- Username
- Fancie
- Date posted
- 49w ago
Panic attack
Having a panic attack and can’t calm down. Please help.
Having a panic attack and can’t calm down. Please help.
Try the 54321 technique. Notice 5 things you see around you, 4 sounds, 3 things you touch, 2 things you smell and 1 thing you taste. It will pass. You are strong and it can’t kill you no matter what
Take big deep breaths. focus on each breath and how it feels in your nose, your belly. feel how it goes through your body and take each time to pay attention to the feelings your body has. play a game on your phone or begin to color while listening to meditations or even asmr. you are strong.
Sending so much love! Take deep breaths while holding on to something tight like arms of a chair, take off your shoes and socks and feel your feet on the floor.
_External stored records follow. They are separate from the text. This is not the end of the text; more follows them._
Lemma increment_by_partials (g : R * R -> R) x y : has_partials g ->
  exists z1 z2, (forall c d, box c d x -> box c d y -> box c d z1 /\ box c d z2) /\
    g x - g y = Defs.d1 g z1 * (fst x - fst y) + Defs.d2 g z2 * (snd x - snd y).
Proof.
  intros Hg. destruct x as [x1 x2], y as [y1 y2]; simpl.
  destruct (MVT_Derive (fun t => g (t, x2)) y1 x1) as [c1 [Hc1 E1]].
  { intros t. exact (proj1 (Hg (t, x2))). }
  destruct (MVT_Derive (fun t => g (y1, t)) y2 x2) as [c2 [Hc2 E2]].
  { intros t. exact (proj2 (Hg (y1, t))). }
  exists (c1, x2), (y1, c2). split.
  - intros c d Hx Hy. split; apply (box_between c d _ _ _ Hx Hy); simpl;
      auto using Rmin_l, Rmin_r, Rmax_l, Rmax_r.
  - unfold Defs.d1, Defs.d2; simpl. lra.
Qed.

Lemma lipschitz_on_box (g : R * R -> R) c d M : has_partials g ->
  (forall z, box c d z -> Rabs (Defs.d1 g z) <= M /\ Rabs (Defs.d2 g z) <= M) ->
  forall x y, box c d x -> box c d y -> Rabs (g x - g y) <= 2 * M * vnorm (vsub x y).
Proof.
  intros Hg HM x y Hx Hy.
  destruct (increment_by_partials g x y Hg) as [z1 [z2 [Hz ->]]].
  destruct (Hz c d Hx Hy) as [Hz1 Hz2].
  pose proof (proj1 (HM z1 Hz1)); pose proof (proj2 (HM z2 Hz2)).
  pose proof (Rabs_fst_le_vnorm (vsub x y)); pose proof (Rabs_snd_le_vnorm (vsub x y)).
  pose proof (Rabs_pos (fst x - fst y)); pose proof (Rabs_pos (snd x - snd y)).
  simpl in *.
  eapply Rle_trans; [apply Rabs_triang|]. rewrite !Rabs_mult.
  pose proof (Rabs_pos (Defs.d1 g z1)); pose proof (Rabs_pos (Defs.d2 g z2)). nra.
Qed.

Lemma locally_bounded_list (fs : list (R * R -> R)) c :
  (forall f, In f fs -> continuous f c) ->
  exists M, locally c (fun q => forall f, In f fs -> Rabs (f q) <= M).
Proof.
  induction fs as [|f fs IH]; intros Hc.
  - exists 0. apply filter_forall. intros q g [].
  - destruct IH as [M HM]; [intros g Hg; apply Hc; right; exact Hg|].
    exists (Rmax M (Rabs (f c) + 1)).
    generalize (filter_and _ _ HM
      (continuous_locally_close f c 1 (Hc f (or_introl eq_refl)) Rlt_0_1)).
    apply filter_imp. intros q [Hq Hf] g [<-|Hg].
    + pose proof (Rabs_triang_inv (f q) (f c)). pose proof (Rmax_r M (Rabs (f c) + 1)). lra.
    + pose proof (Hq g Hg). pose proof (Rmax_l M (Rabs (f c) + 1)). lra.
Qed.

Lemma Rabs_quad_form_le A B1 B2 C eps x y :
  Rabs A <= eps -> Rabs B1 <= eps -> Rabs B2 <= eps -> Rabs C <= eps ->
  Rabs (A * x * x + (B1 + B2) * x * y + C * y * y) <= 2 * eps * (x * x + y * y).
Proof.
  intros HA HB1 HB2 HC.
  assert (Ex : Rabs x * Rabs x = x * x) by (rewrite <- Rabs_mult; apply Rabs_pos_eq; nra).
  assert (Ey : Rabs y * Rabs y = y * y) by (rewrite <- Rabs_mult; apply Rabs_pos_eq; nra).
  pose proof (Rabs_pos x); pose proof (Rabs_pos y); pose proof (Rabs_pos A).
  pose proof (Rabs_triang B1 B2).
  assert (Hxy : 2 * (Rabs x * Rabs y) <= x * x + y * y)
    by (pose proof (Rle_0_sqr (Rabs x - Rabs y)); unfold Rsqr in *; nra).
  assert (T1 : Rabs A * (Rabs x * Rabs x) <= eps * (x * x))
    by (rewrite Ex; apply Rmult_le_compat_r; nra).
  assert (T2 : Rabs (B1 + B2) * (Rabs x * Rabs y) <= eps * (x * x + y * y)).
  { apply (Rle_trans _ (eps * (2 * (Rabs x * Rabs y)))).
    - replace (eps * (2 * (Rabs x * Rabs y))) with (2 * eps * (Rabs x * Rabs y)) by ring.
      apply Rmult_le_compat_r; [nra | lra].
    - apply Rmult_le_compat_l; lra. }
  assert (T3 : Rabs C * (Rabs y * Rabs y) <= eps * (y * y))
    by (rewrite Ey; apply Rmult_le_compat_r; nra).
  eapply Rle_trans; [apply Rabs_triang|].
  eapply Rle_trans; [apply Rplus_le_compat_r, Rabs_triang|].
  rewrite !Rabs_mult. lra.
Qed.

Lemma quad_form_coercive A B C :
  (forall x y, (x, y) <> (0, 0) -> 0 < A * x * x + B * x * y + C * y * y) ->
  exists mu, 0 < mu /\ forall x y, mu * (x * x + y * y) <= A * x * x + B * x * y + C * y * y.
Proof.
  intros H.
  assert (HA : 0 < A) by (specialize (H 1 0); assert ((1, 0) <> (0, 0)) as Hne
    by (intro E; injection E; lra); specialize (H Hne); lra).
  assert (HC : 0 < C) by (specialize (H 0 1); assert ((0, 1) <> (0, 0)) as Hne
    by (intro E; injection E; lra); specialize (H Hne); lra).
  assert (HD : 0 < 4 * A * C - B * B).
  { assert (Hne : (- B, 2 * A) <> (0, 0)) by (intro E; injection E; lra).
    specialize (H _ _ Hne). nra. }
  exists ((4 * A * C - B * B) / (4 * (A + C))). split.
  - apply Rdiv_lt_0_compat; lra.
  - intros x y. apply (Rmult_le_reg_l (4 * (A + C))); [lra|].
    replace (4 * (A + C) * ((4 * A * C - B * B) / (4 * (A + C)) * (x * x + y * y)))
      with ((4 * A * C - B * B) * (x * x + y * y)) by (field; lra).
    (* 4 (A + C) (A x^2 + B x y + C y^2) - (4 A C - B^2) (x^2 + y^2)
       = (2 A x + B y)^2 + (B x + 2 C y)^2 *)
    pose proof (Rle_0_sqr (2 * A * x + B * y)); pose proof (Rle_0_sqr (B * x + 2 * C * y)).
    unfold Rsqr in *. nra.
Qed.

Lemma continuous_bounded_below_off_box (h : R * R -> R) c r d :
  0 < d -> (forall q, continuous h q) -> (forall q, q <> c -> 0 < h q) ->
  exists m, 0 < m /\ forall p, box c r p -> ~ box c d p -> m <= h p.
Proof.
  intros Hd Hh Hpos.
  (* A good box around [c] lies in [box c d]; on a good box around any other point, [h] is at
     least its radius.  A Lebesgue number [m] of the cover of the closed square by good boxes
     is then a lower bound for [h] outside [box c d]. *)
  set (Good := fun u v (D : posreal) =>
    ((u, v) = c /\ D <= d) \/
    (D <= h (u, v) / 2 /\ forall q, box (u, v) D q -> h (u, v) / 2 <= h q)).
  assert (Hex : forall u v, exists D : posreal, Good u v D).
  { intros u v. destruct (classic ((u, v) = c)) as [E|E].
    - exists (mkposreal d Hd). left. split; [exact E | simpl; lra].
    - pose proof (Hpos _ E) as Hh0.
      destruct (locally_box _ _ (continuous_locally_close h (u, v) (h (u, v) / 2) (Hh _)
        ltac:(lra))) as [e [He Hclose]].
      assert (HD : 0 < Rmin e (h (u, v) / 2)) by (apply Rmin_pos; lra).
      exists (mkposreal _ HD). right. simpl. split; [apply Rmin_r|].
      intros q Hq. specialize (Hclose q (box_le _ _ _ _ (Rmin_l _ _) Hq)).
      apply Rabs_def2 in Hclose. lra. }
  set (delta := fun u v => proj1_sig (constructive_indefinite_description _ (Hex u v))).
  assert (Hdelta : forall u v, Good u v (delta u v))
    by (intros u v; exact (proj2_sig (constructive_indefinite_description _ (Hex u v)))).
  destruct (compactness_value_2d (fst c - r) (fst c + r) (snd c - r) (snd c + r) delta)
    as [m Hm].
  exists m. split; [apply cond_pos|].
  intros [p1 p2] [Hp1 Hp2] Hout. apply Rnot_lt_le. intros Hlt.
  apply Rabs_def2 in Hp1, Hp2. simpl in *.
  apply (Hm p1 p2); [lra | lra |].
  intros [u [v [_ [_ [Hx [Hy Hmd]]]]]].
  destruct (Hdelta u v) as [[E Hle] | [Hle Hq]].
  - subst c. apply Hout. split; simpl; lra.
  - pose proof (Hq (p1, p2) (conj Hx Hy)). lra.
Qed.

Definition hess_form (f : R * R -> R) (q o : R * R) : R := dot (hess_apply f q o) o.

Definition hess_form_odd_diff (f : R * R -> R) (p o : R * R) (t : R) : R :=
  hess_form f (vadd p (vscal t o)) o - hess_form f (vadd p (vscal (- t) o)) o.

Lemma hess_form_expand f q o : hess_form f q o =
  Dl (true :: true :: nil) f q * (fst o * fst o) +
  Dl (true :: false :: nil) f q * (fst o * snd o) +
  Dl (false :: true :: nil) f q * (snd o * fst o) +
  Dl (false :: false :: nil) f q * (snd o * snd o).
Proof. unfold hess_form, hess_apply, dot; simpl. ring. Qed.

Lemma Rabs_hess_form_le_opnorm f q o (M : R) : vnorm o = 1 ->
  Rbar_le (hess_opnorm f q) M -> Rabs (hess_form f q o) <= M.
Proof.
  intros Ho HM. eapply Rle_trans; [apply Rabs_dot_le|]. rewrite Ho, Rmult_1_r.
  refine (Rbar_le_trans (Finite _) _ (Finite M) _ HM).
  apply (Lub_Rbar_correct (fun r => exists v, vnorm v = 1 /\ r = vnorm (hess_apply f q v))).
  exists o. split; [exact Ho | reflexivity].
Qed.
The sensation of breathing feeling your hands and your feet all together can bring you back to the present
I wish I was equipped to tell you the right things, but I’m in the same boat. This too shall pass. Be brave.
Be careful with normal CBT breathing like this though because it can turn into compulsion if you have OCD. All good suggestions otherwise.
im having a big big panic attack right now and i cant even calm down. i get extreme anxiety when i know that someone is irritated at me . my ocd thoughts are going crazy. im not peaceful to be around . all i cause is irritation. please someone help . i cant stop crying
Can anyone please confort me? I'm having a really bad panic attack, I can't stop crying and I feel like im losing my mind from the fear. I feel like maybe I should just go to the hospital because it feels so real
I am freaking out with panic. It feels like I want to or have to hurt my boyfriend and it’s causing me to have the worst panic attack I’ve had in a while. It feels like I should be in a mental institution and all I want to do is cry. I know at a time like this I need to lean into the anxiety but I’m absolutely terrified. Please. Anyone. Words of wisdom or encouragement. It feels so different than normal and of course I’m so worried this is not OCD. how could it be? It’s so convincing and scary.